Por que a escola é importante para o desenvolvimento da infância?
 

O fundador da psicanálise, Sigmund Freud, dizia: “É absolutamente normal e inevitável que a criança faça dos pais a primeira escolha amorosa”. Para Freud, o primeiro amor da vida de uma criança é a mãe. Mas se a criança não se desprender, tornar-se-á na adolescência o “filhinho da mamãe”. O “tudo da mamãe”. Um jovem arrogante, onipotente, que mais tarde, ao ser convocado pela vida social, agirá como um “adultescente” narcisista, incapaz de dividir, de fazer trocas e alianças sociais.

Por volta dos cinco anos, a criança já não é mais somente uma criança. É um menino ou uma menina e descobre que a mãe não é tudo e que o mundo é feito de coisas e pessoas diferentes. A mãe deixa de ser sua fonte única de identificação. Cabe ao pai, doravante, descolar o filho da mãe e empurrá-lo para o mundo. Depois disso os pais, juntos, procuram novo “ninho” fora de casa. Bons pais ajudam a criança a descobrir que eles não são tudo para os filhos e que a família não é a única fonte de relação com o mundo.

Na escola a criança aprende mais a lidar com as diversidades e as adversidades. No campo das novas identificações, ela descobre que há outras realidades além da psíquica na qual se realizava.

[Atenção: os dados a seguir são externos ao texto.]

(* Let $\rho_1,\rho_2,k_1,k_2,L>0$ and $0<\alpha<1$, take $\eta=0$, and let $\mathcal{A}$ be the operator on $\mathcal{H}$ described in the context. Then $\mathcal{A}$ is not invertible; consequently $0\in\sigma(\mathcal{A})$.
   Context: Set $\mu(\xi)=|\xi|^{(2\alpha-1)/2}$ for $\xi\in\mathbb{R}$ and $\mathfrak{C}=\pi^{-1}\sin(\alpha\pi)$. All function spaces are complex. Let $\mathbb{H}^1_0=\{(u,v)\in H^1(-L,0)\times H^1(0,L):\ u(-L)=v(L)=0,\ u(0)=v(0)\}$, $\mathbb{L}^2=L^2(-L,0)\times L^2(0,L)$, and $\mathcal{H}=\mathbb{H}^1_0\times\mathbb{L}^2\times L^2(\mathbb{R};\mathbb{L}^2)$, whose elements are written $\mathbb{U}=(u,v,U,V,\varphi_1,\varphi_2)$ with $(u,v)\in\mathbb{H}^1_0$, $(U,V)\in\mathbb{L}^2$, $\varphi_1\in L^2(\mathbb{R};L^2(-L,0))$, $\varphi_2\in L^2(\mathbb{R};L^2(0,L))$ (functions of $(x,\xi)$). $\mathcal{H}$ is a Hilbert space with inner product $\langle\mathbb{U},\tilde{\mathbb{U}}\rangle_{\mathcal H}=\rho_1\int_{-L}^0U\overline{\tilde U}dx+\rho_2\int_0^LV\overline{\tilde V}dx+k_1\int_{-L}^0u_x\overline{\tilde u_x}dx+k_2\int_0^Lv_x\overline{\tilde v_x}dx+\mathfrak{C}\int_{\mathbb R}\int_{-L}^0\varphi_1\overline{\tilde\varphi_1}\,dx\,d\xi+\mathfrak{C}\int_{\mathbb R}\int_0^L\varphi_2\overline{\tilde\varphi_2}\,dx\,d\xi$. The domain $\mathcal{D}(\mathcal{A})$ is the set of $\mathbb{U}=(u,v,U,V,\varphi_1,\varphi_2)\in\mathcal{H}$ such that $(U,V)\in\mathbb{H}^1_0$, $u\in H^2(-L,0)$, $v\in H^2(0,L)$, $k_1u_x(0)=k_2v_x(0)$, $|\xi|\varphi_1\in L^2(\mathbb{R};L^2(-L,0))$, $-(|\xi|^2+\eta)\varphi_1+\mu(\xi)U\in L^2(\mathbb{R};L^2(-L,0))$, $|\xi|\varphi_2\in L^2(\mathbb{R};L^2(0,L))$, $-(|\xi|^2+\eta)\varphi_2+\mu(\xi)V\in L^2(\mathbb{R};L^2(0,L))$; and $$\mathcal{A}\mathbb{U}=\Big(U,\ V,\ \tfrac{1}{\rho_1}\big[k_1u_{xx}-\mathfrak{C}\textstyle\int_{\mathbb R}\mu(\xi)\varphi_1(\cdot,\xi)d\xi\big],\ \tfrac{1}{\rho_2}\big[k_2v_{xx}-\mathfrak{C}\textstyle\int_{\mathbb R}\mu(\xi)\varphi_2(\cdot,\xi)d\xi\big],\ -(|\xi|^2+\eta)\varphi_1+\mu(\xi)U,\ -(|\xi|^2+\eta)\varphi_2+\mu(\xi)V\Big).$$ *)

From HB Require Import structures.
From mathcomp Require Import all_boot all_order all_algebra.
From mathcomp Require Import all_classical all_reals all_analysis.
From mathcomp Require Import complex.
Set Implicit Arguments. Unset Strict Implicit. Unset Printing Implicit Defensive.
Import Order.TTheory GRing.Theory Num.Theory.
Local Open Scope classical_set_scope.
Local Open Scope ring_scope.

Section Defs.
Variable R : realType.
Local Notation C := R[i].
Local Notation leb := (@lebesgue_measure R).

Definition cnorm2 (z : C) : R := complex.Re z ^+ 2 + complex.Im z ^+ 2.

Definition cint (D : set R) (f : R -> C) : C :=
  (Rintegral leb D (fun x => complex.Re (f x)) +i* Rintegral leb D (fun x => complex.Im (f x)))%C.

Definition L2 (D : set R) (f : R -> C) : Prop :=
  measurable_fun D (fun x => complex.Re (f x)) /\ measurable_fun D (fun x => complex.Im (f x)) /\
  (\int[leb]_(x in D) (cnorm2 (f x))%:E < +oo)%E.

(* phi : (x, xi) |-> phi x xi belongs to L^2(R; L^2(D)) = L^2(D x R) *)
Definition L2xR (D : set R) (phi : R -> R -> C) : Prop :=
  measurable_fun (D `*` setT) (fun z : R * R => complex.Re (phi z.1 z.2)) /\
  measurable_fun (D `*` setT) (fun z : R * R => complex.Im (phi z.1 z.2)) /\
  (\int[(leb \x leb)%E]_(z in D `*` setT) (cnorm2 (phi z.1 z.2))%:E < +oo)%E.

Definition ae_eq (D : set R) (f g : R -> C) : Prop :=
  {ae leb, forall x, D x -> f x = g x}.

Definition ae_eqxR (D : set R) (phi psi : R -> R -> C) : Prop :=
  {ae (leb \x leb)%E, forall z : R * R, D z.1 -> phi z.1 z.2 = psi z.1 z.2}.

(* g in L^2(a,b) is the weak derivative of f on [a,b]; f is taken to be the
   absolutely continuous representative: f x = f a + int_a^x g *)
Definition isderiv (a b : R) (f g : R -> C) : Prop :=
  L2 `[a, b] g /\
  forall x, a <= x <= b -> f x = f a + cint `[a, x] g.

Definition H1 (a b : R) (f : R -> C) : Prop := exists g, isderiv a b f g.

Record state := State {
  su : R -> C; sv : R -> C; sU : R -> C; sV : R -> C;
  sp1 : R -> R -> C; sp2 : R -> R -> C }.

Definition inH10 (L : R) (u v : R -> C) : Prop :=
  H1 (- L) 0 u /\ H1 0 L v /\ u (- L) = 0 /\ v L = 0 /\ u 0 = v 0.

Definition inH (L : R) (s : state) : Prop :=
  inH10 L (su s) (sv s) /\ L2 `[- L, 0] (sU s) /\ L2 `[0, L] (sV s) /\
  L2xR `[- L, 0] (sp1 s) /\ L2xR `[0, L] (sp2 s).

Definition H_eq (L : R) (s t : state) : Prop :=
  ae_eq `[- L, 0] (su s) (su t) /\ ae_eq `[0, L] (sv s) (sv t) /\
  ae_eq `[- L, 0] (sU s) (sU t) /\ ae_eq `[0, L] (sV s) (sV t) /\
  ae_eqxR `[- L, 0] (sp1 s) (sp1 t) /\ ae_eqxR `[0, L] (sp2 s) (sp2 t).

Definition mu (alpha xi : R) : R := `|xi| `^ ((2 * alpha - 1) / 2).
Definition Cst (alpha : R) : R := sin (alpha * pi) / pi.

Definition memeq (alpha eta : R) (phi : R -> R -> C) (W : R -> C) :=
  fun x xi => - ((`|xi| ^+ 2 + eta)%:C * phi x xi)%C + ((mu alpha xi)%:C * W x)%C.

(* s in D(A) and A s = F (in \mathcal H).  u1,u2 (resp. v1,v2) are the first
   and second (weak) derivatives of u (resp. v). *)
Definition A_maps (rho1 rho2 k1 k2 L alpha eta : R) (s F : state) : Prop :=
  inH L s /\ inH10 L (sU s) (sV s) /\
  exists u1 u2 v1 v2 : R -> C,
    isderiv (- L) 0 (su s) u1 /\ isderiv (- L) 0 u1 u2 /\
    isderiv 0 L (sv s) v1 /\ isderiv 0 L v1 v2 /\
    (k1%:C * u1 0 = k2%:C * v1 0)%C /\
    L2xR `[- L, 0] (fun x xi => (`|xi|%:C * sp1 s x xi)%C) /\
    L2xR `[- L, 0] (memeq alpha eta (sp1 s) (sU s)) /\
    L2xR `[0, L] (fun x xi => (`|xi|%:C * sp2 s x xi)%C) /\
    L2xR `[0, L] (memeq alpha eta (sp2 s) (sV s)) /\
    ae_eq `[- L, 0] (sU s) (su F) /\ ae_eq `[0, L] (sV s) (sv F) /\
    ae_eq `[- L, 0]
      (fun x => (rho1^-1)%:C * (k1%:C * u2 x
                 - (Cst alpha)%:C * cint setT (fun xi => (mu alpha xi)%:C * sp1 s x xi)))%C
      (sU F) /\
    ae_eq `[0, L]
      (fun x => (rho2^-1)%:C * (k2%:C * v2 x
                 - (Cst alpha)%:C * cint setT (fun xi => (mu alpha xi)%:C * sp2 s x xi)))%C
      (sV F) /\
    ae_eqxR `[- L, 0] (memeq alpha eta (sp1 s) (sU s)) (sp1 F) /\
    ae_eqxR `[0, L] (memeq alpha eta (sp2 s) (sV s)) (sp2 F).

Definition A_invertible (rho1 rho2 k1 k2 L alpha eta : R) : Prop :=
  (forall F, inH L F -> exists s, A_maps rho1 rho2 k1 k2 L alpha eta s F) /\
  (forall s t F, A_maps rho1 rho2 k1 k2 L alpha eta s F ->
                 A_maps rho1 rho2 k1 k2 L alpha eta t F -> H_eq L s t).

End Defs.

(* If A were onto, some s in D(A) would satisfy A s = F, where the only
   nonzero component of F is phi1(x, xi) = 1_(0,1](xi).  The first component
   of A s = F forces U = 0, so for eta = 0 the memory equation reads
   -xi^2 phi1 = 1 on (0, 1], i.e. |xi phi1|^2 = xi^-2 there.  As xi^-2 is not
   integrable at 0, this contradicts |xi| phi1 in L^2(R; L^2), which is part of
   s in D(A). *)

From Pilot Require Import Defs.
From mathcomp Require Import all_boot all_order all_algebra.
From mathcomp Require Import all_classical all_reals all_analysis.
From mathcomp Require Import complex.
From mathcomp Require Import measurable_realfun ring lra.
Set Implicit Arguments.
Unset Strict Implicit.
Unset Printing Implicit Defensive.
Import Order.TTheory GRing.Theory Num.Theory.
Local Open Scope ring_scope.
Local Open Scope classical_set_scope.

Section NonInvertibility.
Variable R : realType.
Local Notation C := R[i].
Local Notation leb := (@lebesgue_measure R).
Local Notation leb2 := (leb \x leb)%E.

Lemma cnorm2_ge0 (z : C) : 0 <= cnorm2 z.
Proof. by rewrite addr_ge0 ?sqr_ge0. Qed.

Lemma cnorm2_real (x : R) : cnorm2 x%:C%C = x ^+ 2.
Proof. by rewrite /cnorm2 /= expr0n addr0. Qed.

Lemma measurable_cnorm2 (dT : measure_display) (T : measurableType dT)
    (A : set T) (f : T -> C) :
  measurable_fun A (fun t => complex.Re (f t)) ->
  measurable_fun A (fun t => complex.Im (f t)) ->
  measurable_fun A (fun t => cnorm2 (f t)).
Proof. by move=> mRe mIm; apply: measurable_funD; apply: measurable_funX. Qed.

Lemma L2_0 (D : set R) : L2 D (fun _ => 0).
Proof.
split; first exact: measurable_cst.
split; first exact: measurable_cst.
by rewrite /cnorm2 /= expr0n addr0 integral0 ltry.
Qed.

Lemma H1_0 (a b : R) : H1 a b (fun _ => 0).
Proof.
exists (fun _ => 0); split; first exact: L2_0.
by move=> x _; rewrite /cint /Rintegral /= integral0 addr0.
Qed.

Lemma L2xR_0 (D : set R) : L2xR D (fun _ _ => 0).
Proof.
split; first exact: measurable_cst.
split; first exact: measurable_cst.
by rewrite /cnorm2 /= expr0n addr0 integral0 ltry.
Qed.

Lemma L2xR_indic (D B : set R) :
  measurable D -> measurable B -> (leb D < +oo)%E -> (leb B < +oo)%E ->
  L2xR D (fun _ xi => (\1_B xi)%:C%C).
Proof.
move=> mD mB Dfin Bfin.
have m_indic : measurable_fun (D `*` setT) (fun z : R * R => \1_B z.2 : R).
  apply: measurable_funTS.
  by apply: measurableT_comp => //; exact: measurable_indic.
split; first exact: m_indic.
split; first exact: measurable_cst.
have mDT : measurable (D `*` [set: R]) by exact: measurableX.
have indic_sqr (z : (R * R)%type) :
    D z.1 -> cnorm2 (\1_B z.2 : R)%:C%C = \1_(D `*` B) z.
  move=> Dz; rewrite cnorm2_real !indicE in_setX (mem_set Dz).
  by case: (z.2 \in B); rewrite ?expr1n ?expr0n.
under eq_integral => z /[!inE] -[Dz _] do rewrite indic_sqr //.
rewrite integral_indic //; last exact: measurableX.
have -> : D `*` B `&` D `*` setT = D `*` B.
  by apply/seteqP; split=> z /=; [case=> -[] | case].
rewrite [X in (X < _)%E](_ : _ = leb D * leb B)%E; last exact: product_measure1E.
by rewrite lte_mul_pinfty ?measure_ge0 ?ge0_fin_numE.
Qed.

Lemma cnorm2_mul_of_sqr_mul (t : R) (p : C) :
  t != 0 -> ((t ^+ 2)%:C * p = -1)%C -> cnorm2 (t%:C * p)%C = t ^- 2.
Proof.
move=> t_neq0 tp.
have -> : (t%:C * p = (- t^-1)%:C)%C.
  by rewrite -[t in LHS](mulKf t_neq0) -expr2 rmorphM -mulrA tp mulrN1 rmorphN.
by rewrite cnorm2_real sqrrN exprVn.
Qed.

Lemma ae_prod_fst (D : set R) (P : R -> Prop) :
  {ae leb, forall x, D x -> P x} ->
  {ae leb2, forall z : (R * R)%type, D z.1 -> P z.1}.
Proof.
case=> N [mN N0 DP]; exists (N `*` setT); split.
- exact: measurableX.
- transitivity (leb N * leb setT)%E; first exact: product_measure1E.
  by rewrite N0 mul0e.
- by move=> z /= not_P; split=> //; apply: DP => /= DPz; apply: not_P => /DPz.
Qed.

Lemma memeq_indic_inv_sqr (alpha : R) (D : set R) (phi : R -> R -> C)
    (U : R -> C) :
  Defs.ae_eq D U (fun _ => 0) ->
  ae_eqxR D (memeq alpha 0 phi U) (fun _ xi => (\1_`]0, 1] xi : R)%:C%C) ->
  {ae leb2, forall z : (R * R)%type, D z.1 -> 0 < z.2 <= 1 ->
     cnorm2 (`|z.2|%:C * phi z.1 z.2)%C = z.2 ^- 2}.
Proof.
move=> U0 memeq1.
apply: (filterS2 (ae_filter_ringOfSetsType leb2) _ (ae_prod_fst U0) memeq1).
move=> -[x xi] /= U0x memeq1x Dx xi01.
have /andP[xi_gt0 _] := xi01.
have := memeq1x Dx.
rewrite /memeq (U0x Dx) mulr0 !addr0 indicE mem_set ?in_itv //=.
rewrite gtr0_norm // => sqr_phi.
apply: cnorm2_mul_of_sqr_mul; first exact: lt0r_neq0.
by rewrite -[LHS]opprK sqr_phi rmorph1.
Qed.

Section InverseSquareNotIntegrable.
Variables (D : set R) (d : R) (psi : R -> R -> C).
Hypotheses (mD : measurable D) (leb_D : leb D = d%:E).
Hypothesis psi_inv_sqr : {ae leb2, forall z : (R * R)%type,
  D z.1 -> 0 < z.2 <= 1 -> cnorm2 (psi z.1 z.2) = z.2 ^- 2}.
Hypothesis m_psi2 : measurable_fun (D `*` setT)
  (fun z : (R * R)%type => cnorm2 (psi z.1 z.2)).

Lemma integral_cnorm2_ge (r : R) : 0 < r <= 1 ->
  ((d / r)%:E <= \int[leb2]_(z in D `*` setT) (cnorm2 (psi z.1 z.2))%:E)%E.
Proof.
move=> /andP[r_gt0 r_le1].
set E := D `*` `]0, r].
have mE : measurable E by exact: measurableX.
have mDT : measurable (D `*` [set: R]) by exact: measurableX.
have r2_ge0 : 0 <= r ^- 2 by rewrite invr_ge0 exprn_ge0 // ltW.
have m_indic :
    measurable_fun (D `*` setT) (fun z : (R * R)%type => (\1_E z : R)%:E).
  by apply/measurable_EFinP; exact: measurable_indic.
apply: (@le_trans _ _
    (\int[leb2]_(z in D `*` setT) ((r ^- 2)%:E * (\1_E z)%:E))%E).
  rewrite ge0_integralZl // integral_indic //.
  have -> : E `&` D `*` setT = E.
    by apply/seteqP; split=> z /=; [case=> -[] | case].
  rewrite [X in (_ <= _ * X)%E](_ : _ = leb D * leb `]0%R, r])%E; last first.
    exact: product_measure1E.
  rewrite lebesgue_measure_itv /= lte_fin r_gt0 leb_D oppr0 adde0 -!EFinM lee_fin.
  suff -> : r ^- 2 * (d * r) = d / r by [].
  by field; exact: lt0r_neq0.
apply: ae_ge0_le_integral => //.
- by move=> z _; rewrite lee_fin mulr_ge0 // indicE.
- exact: measurable_funeM.
- by move=> z _; rewrite lee_fin cnorm2_ge0.
- exact/measurable_EFinP.
apply: (@filterS _ _ (ae_filter_ringOfSetsType leb2) _ _ _ psi_inv_sqr).
move=> -[x xi] /= psi_xi [Dx _].
rewrite indicE; case: (boolP ((x, xi) \in E)) => [|_]; last first.
  by rewrite mule0 lee_fin cnorm2_ge0.
rewrite inE => -[_ /=]; rewrite in_itv /= => /andP[xi_gt0 xi_le_r].
rewrite mule1 lee_fin psi_xi // ?xi_gt0 ?(le_trans xi_le_r r_le1) //.
rewrite lef_pV2 ?posrE ?exprn_gt0 ?(lt_le_trans xi_gt0) //.
by apply: lerXn2r; rewrite // nnegrE ltW // (lt_le_trans xi_gt0).
Qed.

Lemma integral_cnorm2_eqy : 0 < d ->
  (\int[leb2]_(z in D `*` setT) (cnorm2 (psi z.1 z.2))%:E = +oo)%E.
Proof.
move=> d_gt0.
have I_ge0 : (0 <= \int[leb2]_(z in D `*` setT) (cnorm2 (psi z.1 z.2))%:E)%E.
  by apply: integral_ge0 => z _; rewrite lee_fin cnorm2_ge0.
move: I_ge0 integral_cnorm2_ge.
case: (\int[leb2]_(z in _) _)%E => [i i_ge0 lower | // | //].
rewrite lee_fin in i_ge0.
have r_gt0 : 0 < d / (i + d + 1) by rewrite divr_gt0 //; lra.
have r_le1 : d / (i + d + 1) <= 1 by rewrite ler_pdivrMr ?mul1r; lra.
have := lower _ (introT andP (conj r_gt0 r_le1)).
rewrite lee_fin invf_div mulrCA divff ?mulr1 ?gt_eqF // => contra.
by exfalso; lra.
Qed.
End InverseSquareNotIntegrable.

Lemma not_L2xR_inv_sqr (D : set R) (d : R) (psi : R -> R -> C) :
  measurable D -> leb D = d%:E -> 0 < d ->
  {ae leb2, forall z : (R * R)%type,
    D z.1 -> 0 < z.2 <= 1 -> cnorm2 (psi z.1 z.2) = z.2 ^- 2} ->
  ~ L2xR D psi.
Proof.
move=> mD leb_D d_gt0 psi_inv_sqr [mRe [mIm]].
by rewrite (integral_cnorm2_eqy mD leb_D psi_inv_sqr (measurable_cnorm2 mRe mIm)).
Qed.

Lemma A_maps_memory1 (rho1 rho2 k1 k2 L alpha eta : R) (s F : state R) :
  A_maps rho1 rho2 k1 k2 L alpha eta s F ->
  [/\ L2xR `[- L, 0] (fun x xi => (`|xi|%:C * sp1 s x xi)%C),
      Defs.ae_eq `[- L, 0] (sU s) (su F)
    & ae_eqxR `[- L, 0] (memeq alpha eta (sp1 s) (sU s)) (sp1 F)].
Proof.
case=> _ [_ [_ [_ [_ [_ [_ [_ [_ [_ [_ [xi_phi1 [_ [_ [_
  [U_eq [_ [_ [_ [memeq1 _]]]]]]]]]]]]]]]]]]].
by split.
Qed.
End NonInvertibility.

Theorem proposition4p4 (R : realType) (rho1 rho2 k1 k2 L alpha : R) :
  0 < rho1 -> 0 < rho2 -> 0 < k1 -> 0 < k2 -> 0 < L ->
  0 < alpha -> alpha < 1 ->
  ~ A_invertible rho1 rho2 k1 k2 L alpha 0.
Proof.
move=> _ _ _ _ L_gt0 _ _ [A_onto _].
pose F := State (fun _ => 0) (fun _ => 0) (fun _ => 0) (fun _ => 0)
  (fun _ xi => (\1_`]0, 1] xi : R)%:C%C) (fun _ _ => 0).
have leb_D : lebesgue_measure `[- L, 0] = L%:E.
  by rewrite lebesgue_measure_itv /= lte_fin oppr_lt0 L_gt0 -EFinB sub0r opprK.
have F_in_H : inH L F.
  split; first by split; [exact: H1_0 | split; [exact: H1_0 |]].
  split; first exact: L2_0.
  split; first exact: L2_0.
  split; last exact: L2xR_0.
  apply: L2xR_indic => //; first by rewrite leb_D ltry.
  by rewrite lebesgue_measure_itv /= lte01 ltry.
have [s /A_maps_memory1[xi_phi1 U0 memeq1]] := A_onto F F_in_H.
exact: not_L2xR_inv_sqr (measurable_itv _) leb_D L_gt0
  (memeq_indic_inv_sqr U0 memeq1) xi_phi1.
Qed.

Suas fantasias e crenças imaginárias vão aos poucos sendo mescladas por realidades mais contundentes. A esperança da completude e o sonho de ser a única entre todas são interrompidos pelas fronteiras e os limites do mundo. A criança encontra outros laços afetivos e compreende que os pais não são a única fonte de amor e, por isso, ela finalmente ficará pronta para amar e odiar outras pessoas, aprendendo que o mundo não é feito apenas de vitórias. “Num dia a gente ganha, no outro dia a gente perde.” São perdas necessárias para a criança entender que não somos apenas aquilo que temos. Somos também aquilo que nos falta. Que não somos apenas aquilo que dizemos ser, mas também o que o grupo, a escola e a sociedade esperam que sejamos.
 

A escola se apresenta a esse aprendiz que então estará pronto para amar e sofrer. Se a criança for orientada para sua autonomia, ela se dará bem na escola. Se for orientada para a dependência e onipotência, enxergará a escola como uma concorrente da família, como um fantasma amedrontador. E tal como a madrasta malvada de Branca de Neve que um dia descobriu que existia alguém mais bela que ela, a escola será esse espelho cruel para a pobre criancinha cujos pais acreditam que a única imagem que um espelho pode refletir é a dos seus filhos.

Não exageremos! Embora o egoísmo seja necessário na infância, ele deve ter seu prazo de validade interrompido na escola. O mundo é relacional e nós precisamos do outro para viver. Caberia concluir que o efeito pedagógico, amoroso, da escola instala no psiquismo da criança uma lei imperativa para a vida social, que se traduziria nos seguintes dizeres afixados num edital imaginário: “ESCOLA: aqui termina o eu. Aqui começa o outro”. A escola é essa fronteira e, ao mesmo tempo, uma ligação que ajuda a criança a buscar no outro aquilo que lhe falta.
 

 


Autor: Gilberto Gnoato -  Psicólogo, mestre em psicologia pela UFPR, psicoterapeuta há mais de 20 anos e professor de antropologia.